Q8: Data Distribution and Results Tables (R2) We used a 7:1 train/test split and will clarify standard deviations in data distribution as suggested.
Q9: Comparison with State-of-the-Art Models (R3) In Table 2, we benchmark against the backbones and architectures employed in leading studies: DenseNet-121 as used by Yang et al. (IWBI 2024), ResNet-18/50/101 as adopted by Wang et al. (IEEE TMI 2024), and advanced frameworks such as SwinUNETR (Oh et al., ARM 2024) and 3D DETR (Tao et al., MEDIA 2024). Each of these has demonstrated top performance on medical image classification and detection tasks. As suggested, we will also incorporate the latest 2025 developments in our journal extension.

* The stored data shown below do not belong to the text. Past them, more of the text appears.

(* For all positive integers $n\geq 2$ and $t$, the Roman domination number of $S(K_n,t)$ is $$\gamma_R(S(K_n,t))=\begin{cases}2\left\lceil\frac{n^t}{n+1}\right\rceil & \text{if } t \text{ is odd},\\[2pt] 2\left\lceil\frac{n^t}{n+1}\right\rceil-1 & \text{if } t \text{ is even}.\end{cases}$$
   Context: For a positive integer $n$ let $[n]=\{1,\dots,n\}$. For positive integers $n,t$, the Sierpiński graph $S(K_n,t)$ is the simple graph with vertex set $[n]^t$ (words $v_1v_2\cdots v_t$ with $v_i\in[n]$), in which $u_1\cdots u_t$ and $v_1\cdots v_t$ are adjacent if and only if there is $s\in[t]$ with $u_j=v_j$ for all $j<s$, $u_s\neq v_s$, and $u_j=v_s$ and $v_j=u_s$ for all $j>s$. A Roman dominating function on a graph $G=(V,E)$ is a function $f:V\to\{0,1,2\}$ such that every vertex $u$ with $f(u)=0$ has a neighbor $v$ with $f(v)=2$. Its weight is $\sum_{v\in V}f(v)$, and the Roman domination number $\gamma_R(G)$ is the minimum weight of a Roman dominating function on $G$. *)

From mathcomp Require Import all_boot.
Set Implicit Arguments. Unset Strict Implicit. Unset Printing Implicit Defensive.

(* Vertices of S(K_n,t): words of length t over the alphabet 'I_n
   (letters 0..n-1 stand for 1..n). *)
Definition sier_vertex (n t : nat) := (t.-tuple 'I_n)%type.

Definition sier_adj (n t : nat) (u v : sier_vertex n t) : bool :=
  [exists s : 'I_t,
     [&& [forall j : 'I_t, (j < s) ==> (tnth u j == tnth v j)],
         tnth u s != tnth v s &
         [forall j : 'I_t, (s < j) ==>
            ((tnth u j == tnth v s) && (tnth v j == tnth u s))]]].

Definition roman_dom {V : finType} (adj : rel V) (f : V -> nat) : Prop :=
  (forall v, f v <= 2) /\
  (forall u, f u = 0 -> exists v, adj u v && (f v == 2)).

Definition rd_weight {V : finType} (f : V -> nat) : nat := \sum_(v : V) f v.

Definition is_roman_domination_number {V : finType} (adj : rel V) (w : nat) : Prop :=
  (exists f : V -> nat, roman_dom adj f /\ rd_weight f = w) /\
  (forall f : V -> nat, roman_dom adj f -> w <= rd_weight f).

Definition ceil_div (a b : nat) : nat := (a + b - 1) %/ b.

From mathcomp Require Import all_boot zify.
Set Implicit Arguments. Unset Strict Implicit. Unset Printing Implicit Defensive.

(* Let N = n^t.  As n = -1 modulo n+1, (n+1) divides N+1 when t is odd and
   N-1 when t is even; the claimed values are 2(N+1)/(n+1) and
   2(N-1)/(n+1) + 1 respectively.

   Every vertex has at most n neighbours.  If a Roman
   dominating function takes the value 2 on a vertices and 1 on b vertices,
   the vertices of value 0 are neighbours of the a vertices of value 2, hence
   N <= (n+1) a + b, and minimising the weight 2a + b under this constraint
   gives the claimed value (this is pure arithmetic).

   S(K_n,t+1) is made of n copies a.S(K_n,t), and the copies
   a and b are joined by the single edge ab^t -- ba^t.  Following this
   recursion, a finite automaton [code] describes four families of vertex
   sets; by induction on t, alternating parities, they dominate the whole
   graph or all vertices but one extreme vertex, and their sizes obey a linear
   recurrence whose closed form matches the claimed values: for odd t we put
   2 on a dominating set of size (N+1)/(n+1), for even t we put 2 on a set of
   size (N-1)/(n+1) dominating all vertices but x^t and 1 on x^t. *)

Lemma ceil_divE a b k : 0 < b -> a <= b * k < a + b -> ceil_div a b = k.
Proof.
move=> b_gt0 /andP[lo hi]; rewrite /ceil_div.
have -> : a + b - 1 = k * b + (a + b - 1 - b * k) by lia.
by rewrite divnMDl // divn_small ?addn0 //; lia.
Qed.

Lemma sum_tuple_cons (T : finType) t (F : t.+1.-tuple T -> nat) :
  \sum_(u : t.+1.-tuple T) F u = \sum_(a : T) \sum_(w : t.-tuple T) F [tuple of a :: w].
Proof.
rewrite pair_big /= (reindex (fun p : T * t.-tuple T => [tuple of p.1 :: p.2])) //=.
exists (fun u => (thead u, behead_tuple u)) => [[a w] _ | u _].
  by congr pair; apply: val_inj.
by case/tupleP: u => a w; apply: val_inj.
Qed.

Section RomanDomination.
Variables (V : finType) (adj : rel V).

Q10:Main Contributions (R3) The spatial-aware decoding prompt we introduce for tumor classification offers several advantages over existing methods. First, to reduce the cost of 3D feature processing, we downsample the combined mask image and positional encoding before fusing them into the classification query—whereas most current SOTAs either treat the mask as a separate channel or employ cross-attention, both of which can inflate 3D computation and dilute mask features. Our Spatial-Aware Mask Prompt (SAMP) preserves rich internal and margin details within a densely encoded feature space, as demonstrated by our ablation results in Table 3 and our SOTA comparisons in Table 2. We rigorously validated this approach on both a large internal clinical cohort (6,973 ABUS volumes) and the public ABUS Challenge Cup dataset (100 volumes). In addition, during the decoding phase, our model focuses more on pixels contributing to classification rather than the entire tumor region, which may enhance explainability.
Meta-Review
Meta-review #1
- Your recommendation
Invite for Rebuttal
- If your recommendation is “Provisional Reject”, then summarize the factors that went into this decision. In case you deviate from the reviewers’ recommendations, explain in detail the reasons why. You do not need to provide a justification for a recommendation of “Provisional Accept” or “Invite for Rebuttal”.
N/A
- After you have reviewed the rebuttal and updated reviews, please provide your recommendation based on all reviews and the authors’ rebuttal.
Accept
- Please justify your recommendation. You may optionally write justifications for ‘accepts’, but are expected to write a justification for ‘rejects’
N/A
Meta-review #2
- After you have reviewed the rebuttal and updated reviews, please provide your recommendation based on all reviews and the authors’ rebuttal.
Accept
- Please justify your recommendation. You may optionally write justifications for ‘accepts’, but are expected to write a justification for ‘rejects’
N/A
Meta-review #3
- After you have reviewed the rebuttal and updated reviews, please provide your recommendation based on all reviews and the authors’ rebuttal.
Accept
- Please justify your recommendation. You may optionally write justifications for ‘accepts’, but are expected to write a justification for ‘rejects’
The paper presented interesting ideas of a hybrid CNN transformer from 3D ABUS data for breast lesion classification. Reviewers agreed with strong validation in both private and public datasets and most concerns were well addressed.